Lemma htrans_gamma_neighbour_order n k v j : 2 * k <= n -> n - 2 * k + 1 < n ->
  v < n - 2 * k + 1 -> j < n - 2 * k + 1 -> j != v ->
  exists l1 l2, [/\ htrans (swap10 (gamma n k) (n - 2 * k + 1) v) = l1 ++ gamma n k :: l2,
                    gamma n k \notin l1 & swap10 (gamma n k) (n - 2 * k + 1) j \in l1].
Proof.
move=> Hkn tn vt jt jv; set t := n - 2 * k + 1 in tn vt jt *; set g := gamma n k.
have sg : size g = n by rewrite size_gamma.
have gt : nth false g t by rewrite nth_gamma //; lia.
have gz p : p < t -> ~~ nth false g p by rewrite nth_gamma //; lia.
have hg : htransposable g t v.
  by rewrite /htransposable gt gz //=; apply/no1_betweenP => p Hp; apply: gz; lia.
set c := swap10 g t v.
have sc : size c = n by rewrite size_swap10 ?sg //; lia.
have cz p : p < t -> p != v -> ~~ nth false c p.
  by move=> pt /negbTE pv; rewrite nth_swap10 pv (_ : p == t = false) ?gz //; apply/eqP; lia.
have hc : htransposable c v t := htransposable_swap10 hg.
have gE : swap10 c v t = g by rewrite swap10K ?sg //; lia.
pose l1 := [seq swap10 c v j0 | j0 <- iota 0 t & ~~ nth false c j0 && no1_between c v j0].
have [l2 hE] : exists l2, htrans c = l1 ++ g :: l2.
  rewrite htrans_onE sc (iota_split (_ : v < n)); last lia.
  rewrite htrans_on_cat htrans_on_zeros; last first.
    by move=> p; rewrite mem_iota => Hp; apply: cz; lia.
  case/and3P: hc => cv ct nb.
  rewrite /htrans_on /= cv /= {1}/htrans_at sc (iota_split tn) filter_cat map_cat /=.
  rewrite ct nb /= gE.
  by eexists; rewrite -catA.
exists l1, l2; split=> //.
- apply/mapP => -[j0]; rewrite mem_filter mem_iota => /andP [_ Hj0] E.
  have [tj tv] : t != j0 /\ t != v by split; apply/eqP; lia.
  case/and3P: hc => _ /negbTE ct _.
  by move: gt; rewrite E nth_swap10 (negbTE tj) (negbTE tv) ct.
have [jn ct] : j < size c /\ ~~ nth false c t by case/and3P: hc; rewrite sc; split => //; lia.
rewrite -gE swap10_swap10 ?sc //; try lia.
apply: map_f; rewrite mem_filter mem_iota cz //=.
rewrite add0n jt andbT; apply/no1_betweenP => p Hp; apply: cz; [lia | apply/eqP; lia].
Qed.

Lemma filter_cat_cons_head (T : eqType) (P : pred T) l1 x l2 s :
  filter P (l1 ++ x :: l2) = x :: s -> x \notin l1 -> {in l1, forall y, ~~ P y}.
Proof.
rewrite filter_cat; case E: (filter P l1) => [|z t] /=.
  move=> _ _ y yl; apply/negP => Py.
  have : y \in filter P l1 by rewrite mem_filter Py.
  by rewrite E.
move=> [<- _]; have : z \in filter P l1 by rewrite E mem_head.
by rewrite mem_filter => /andP [_ ->].
Qed.

Lemma greedy_gamma_neighbours_visited n k c (L : seq word) s :
  2 * k <= n -> inF n k c -> c \in L ->
  filter (fun x => inF n k x && (x \notin L)) (htrans c) = gamma n k :: s ->
  {in htrans (gamma n k), forall y, inF n k y -> y \in L}.
Proof.
move=> Hkn Fc cL E y yg Fy.
have : gamma n k \in htrans c.
  have : gamma n k \in [seq x <- htrans c | inF n k x && (x \notin L)] by rewrite E mem_head.
  by rewrite mem_filter => /andP [].
case/mem_htrans_on => i [j [iS jS hij gE]].
have cg : c \in htrans (gamma n k) by rewrite gE mem_htrans_swap10 //; rewrite mem_iota in iS.
have [v [tn vt cE]] := gamma_neighbour Hkn cg Fc.
have [j' [_ jt yE]] := gamma_neighbour Hkn yg Fy.
have [jv' | jv] := eqVneq j' v; first by rewrite yE jv' -cE.
have [l1 [l2 [hE gl1 yl1]]] := htrans_gamma_neighbour_order Hkn tn vt jt jv.
rewrite cE hE in E; rewrite -yE in yl1.
by move: (filter_cat_cons_head E gl1 yl1); rewrite Fy /= negbK.
Qed.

**Work instruction**: In the data above, start at the line that has "rewrite htrans_on_cat htrans_on_zeros;", stop after the line that has "filter (fun x", and print every line in between exactly as it stands.

**Solution to this task**:
  rewrite htrans_on_cat htrans_on_zeros; last first.
    by move=> p; rewrite mem_iota => Hp; apply: cz; lia.
  case/and3P: hc => cv ct nb.
  rewrite /htrans_on /= cv /= {1}/htrans_at sc (iota_split tn) filter_cat map_cat /=.
  rewrite ct nb /= gE.
  by eexists; rewrite -catA.
exists l1, l2; split=> //.
- apply/mapP => -[j0]; rewrite mem_filter mem_iota => /andP [_ Hj0] E.
  have [tj tv] : t != j0 /\ t != v by split; apply/eqP; lia.
  case/and3P: hc => _ /negbTE ct _.
  by move: gt; rewrite E nth_swap10 (negbTE tj) (negbTE tv) ct.
have [jn ct] : j < size c /\ ~~ nth false c t by case/and3P: hc; rewrite sc; split => //; lia.
rewrite -gE swap10_swap10 ?sc //; try lia.
apply: map_f; rewrite mem_filter mem_iota cz //=.
rewrite add0n jt andbT; apply/no1_betweenP => p Hp; apply: cz; [lia | apply/eqP; lia].
Qed.

Lemma filter_cat_cons_head (T : eqType) (P : pred T) l1 x l2 s :
  filter P (l1 ++ x :: l2) = x :: s -> x \notin l1 -> {in l1, forall y, ~~ P y}.
Proof.
rewrite filter_cat; case E: (filter P l1) => [|z t] /=.
  move=> _ _ y yl; apply/negP => Py.
  have : y \in filter P l1 by rewrite mem_filter Py.
  by rewrite E.
move=> [<- _]; have : z \in filter P l1 by rewrite E mem_head.
by rewrite mem_filter => /andP [_ ->].
Qed.

Lemma greedy_gamma_neighbours_visited n k c (L : seq word) s :
  2 * k <= n -> inF n k c -> c \in L ->
  filter (fun x => inF n k x && (x \notin L)) (htrans c) = gamma n k :: s ->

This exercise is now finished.